[llvm] [AMDGPU] Filter candidates of LiveRegOptimizer for profitable cases (PR #124624)

Wed Jan 29 00:48:32 PST 2025

================
@@ -125,8 +130,41 @@ class LiveRegOptimizer {
     return LK.first != TargetLoweringBase::TypeLegal;
   }
 
-  LiveRegOptimizer(Module &Mod, const GCNSubtarget &ST)
-      : Mod(Mod), DL(Mod.getDataLayout()), ST(ST),
+  // Filtering based on operation or its cost.
+  // If an operation incurs high enough cost or natively work on
+  // vector of illegal type, ie. v2i8, then it makes sense to try
+  // to avoid scalarizing across BB.
+  bool shouldReplaceBasedOnOp(Instruction *II) {
+    // Ignore pseudos
+    if (II->isDebugOrPseudoInst())
+      return false;
+
+    // Instruction Cost
+    const auto Cost = TTI.getInstructionCost(
+        II, TargetTransformInfo::TargetCostKind::TCK_SizeAndLatency);
+    LLVM_DEBUG(dbgs() << "shouldReplaceBasedOnOp: " << *II << " Cost=" << Cost
+                      << '\n';);
+    if (Cost >= 8)
+      return true;
+
+    // Intrinsics - assume they natively handle illegal type
+    if (dyn_cast<IntrinsicInst>(II))
+      return true;
+
+    // Stores
+    if (dyn_cast<StoreInst>(II))
+      return true;
+
+    // Shuffles
+    if (dyn_cast<ShuffleVectorInst>(II))
----------------
choikwa wrote:

I am mixed about what the ideal solution should be here and left it somewhat open-ended.
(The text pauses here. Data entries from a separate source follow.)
(* Stanley's transfer map, taken relative to U2.  A lattice point x of the
   marked order polytope is monotone, so replacing x_p for p in U2 by the jump
   x_p - max_{r < p} x_r keeps it nonnegative, and along a chain of U2 these
   jumps telescope, which yields the chain inequalities (v) and (vi).  The
   inverse reconstructs x_p = y_p + max_{r < p} x_r by recursion along the
   order; unfolding the recursion at p in U2 writes x_p as the sum of y over a
   chain of U2 ending at p and starting above an element of A u U1, so (v)
   gives back the order inequalities.  Only the decomposition property of
   (U1, U2) is needed, not the admissibility condition. *)

Section StrictOrderRecursion.
Context {d : Order.disp_t} {P : finPOrderType d}.

Definition height (p : P) : nat := #|[set r : P | (r < p)%O]|.

Lemma height_lt (q p : P) : (q < p)%O -> height q < height p.
Proof.
move=> qp; apply: proper_card; apply/properP; split.
  by apply/fintype.subsetP => r; rewrite !inE => rq; apply: lt_trans rq qp.
by exists q; rewrite !inE ?ltxx.
Qed.

Lemma height_lt_card (p : P) : height p < #|P|.
Proof.
rewrite -cardsT; apply: proper_card; apply/properP; split => //.
by exists p; rewrite !inE ?ltxx.
Qed.

Lemma lt_ind (Q : P -> Prop) :
  (forall p, (forall q, (q < p)%O -> Q q) -> Q p) -> forall p, Q p.
Proof.
move=> IH; suff K k p : height p < k -> Q p by move=> p; apply: (K (height p).+1).
elim: k p => // k IHk p hp; apply: IH => q qp; apply: IHk.
by have := height_lt qp; lia.
Qed.

Definition max_below (h : P -> nat) (p : P) : nat := \max_(r | (r < p)%O) h r.

Lemma leq_max_below (h : P -> nat) (q p : P) : (q < p)%O -> h q <= max_below h p.
Proof. exact: (@leq_bigmax_cond P (fun r => (r < p)%O) h q). Qed.

Lemma eq_max_below (h1 h2 : P -> nat) (p : P) :
  (forall q, (q < p)%O -> h1 q = h2 q) -> max_below h1 p = max_below h2 p.
Proof. exact: eq_bigr. Qed.
(* Let $0<\epsilon\le 1/2$, let $r=\lceil 2^{22}/\epsilon^2\rceil$ and $\gamma=2r+1$, and let $\delta\ge 0$. Consider a population of agents holding opinions in $\{0,1\}$, in which the fraction of agents holding the correct opinion $\mathcal{B}$ is at least $1/2+\delta$. Take $\gamma$ independent noisy samples, each obtained by choosing an agent uniformly at random from the population and reading its opinion through a channel that flips the bit independently with probability at most $1/2-\epsilon$. Then the probability that the majority of the $\gamma$ samples equals $\mathcal{B}$ is at least $\min\{1/2+4\delta,\ 1/2+1/100\}$.
   Context: The ''bias towards the correct opinion'' of a population being at least $\delta$ means that the fraction of its members holding the correct opinion $\mathcal{B}$ is at least $1/2+\delta$. *)

From HB Require Import structures.
From mathcomp Require Import all_boot all_order all_algebra.
Set Implicit Arguments. Unset Strict Implicit. Unset Printing Implicit Defensive.
Import Order.TTheory GRing.Theory Num.Theory.
Local Open Scope ring_scope.

Definition frac_correct (R : numFieldType) (n : nat) (op : 'I_n -> bool) (B : bool) : R :=
  (#|[set i | op i == B]|)%:R / n%:R.

Definition observed (n g : nat) (op : 'I_n -> bool)
  (a : {ffun 'I_g -> 'I_n}) (f : {ffun 'I_g -> bool}) (k : 'I_g) : bool :=
  op (a k) (+) f k.

Definition majority_is (n g : nat) (op : 'I_n -> bool) (B : bool)
  (a : {ffun 'I_g -> 'I_n}) (f : {ffun 'I_g -> bool}) : bool :=
  (g < 2 * #|[set k | observed op a f k == B]|)%N.
Lemma success_prob_vanishes (ell : nat) (p : nat -> R) (lam : R)
  (Hp : forall n, (1 <= n)%nat -> 0 < p n < 1)
  (Hcv : Un_cv (fun n => INR n * p n ^ ell) lam) (delta : R) (Hdelta : 0 < delta) :
  exists N, forall n, (N <= n)%nat -> (1 <= n)%nat -> p n < delta.
Proof.
  destruct (Hcv 1 Rlt_0_1) as [N1 HN1].
  destruct (INR_unbounded ((lam + 1) / delta ^ ell)) as [N2 HN2].
  exists (max N1 N2). intros n Hn Hn1.
  specialize (HN1 n ltac:(lia)). unfold Rdist in HN1. apply Rabs_def2 in HN1.
  destruct (Rlt_or_le (p n) delta) as [h|h]; auto. exfalso.
  pose proof (Hp n Hn1).
  assert (Hd : 0 < delta ^ ell) by (apply pow_lt; lra).
  assert (delta ^ ell <= p n ^ ell) by (apply pow_incr; lra).
  assert (INR N2 <= INR n) by (apply le_INR; lia).
  assert (lam + 1 < INR N2 * delta ^ ell).
  { apply (Rmult_lt_reg_r (/ delta ^ ell)); [apply Rinv_0_lt_compat; auto|].
    rewrite Rmult_assoc, Rinv_r, Rmult_1_r by lra. unfold Rdiv in HN2. lra. }
  assert (INR N2 * delta ^ ell <= INR n * p n ^ ell)
    by (apply Rmult_le_compat; try lra; apply pos_INR).
  lra.
Qed.
Section ConditionalMean.
Variables (R : realType) (n : nat).
Implicit Types (S : {set 'I_n}) (Sigma : 'M[R]_n) (u : 'cV[R]_n).

Lemma selmxE S i k : selmx R S i k = (i == enum_val k)%:R.
Proof. by rewrite mxE. Qed.

Lemma selmx_mul_enum_val S (v : 'cV[R]_#|S|) r : (selmx R S *m v) (enum_val r) 0 = v r 0.
Proof.
rewrite mxE (bigD1 r) //= selmxE eqxx mul1r big1 ?addr0 // => k kr.
by rewrite selmxE (inj_eq enum_val_inj) eq_sym (negbTE kr) mul0r.
Qed.

Lemma tr_selmx_mul S u r : ((selmx R S)^T *m u) r 0 = u (enum_val r) 0.
Proof.
rewrite mxE (bigD1 (enum_val r)) //= mxE selmxE eqxx mul1r big1 ?addr0 // => k kr.
by rewrite mxE selmxE (negbTE kr) mul0r.
Qed.

Lemma selmx_mul_notin S m (M : 'M[R]_(#|S|, m)) k c : k \notin S -> (selmx R S *m M) k c = 0.
Proof.
move=> kS; rewrite mxE big1 // => r _; rewrite selmxE.
by case: eqP => [kr|]; [by move: kS; rewrite kr enum_valP | rewrite mul0r].
Qed.

Lemma spd_selmx Sigma S : spd Sigma -> spd ((selmx R S)^T *m Sigma *m selmx R S).
Proof.
move=> pdS; apply: spd_congr => // v Sv0; apply/matrixP => r o.
by rewrite (ord1 o) -selmx_mul_enum_val Sv0 !mxE.
Qed.

Lemma Ahat_mul_in Sigma S u k : spd Sigma -> k \in S -> (Ahat Sigma S *m u) k 0 = u k 0.
Proof.
move=> pdS kS; have uS := spd_unitmx (spd_selmx S pdS).
have selAhat : (selmx R S)^T *m Ahat Sigma S = (selmx R S)^T.
  by rewrite /Ahat !mulmxA mulmxV // mul1mx.
by rewrite -(enum_rankK_in kS kS) -!tr_selmx_mul mulmxA selAhat.
Qed.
Correct me if I'm wrong but few things to consider are:
1) If operation is known to be scalarized, LRO shoehorning Values back into packed VGPR adds overhead.
2) While whitelisting to only packed ops would work, list may be exhaustive and/or,
3) It seems LRO has other effects such as splitting live range, which reduces RP for Insts however unintentional.

Should we err on the side of allowing more candidates for LRO?

https://github.com/llvm/llvm-project/pull/124624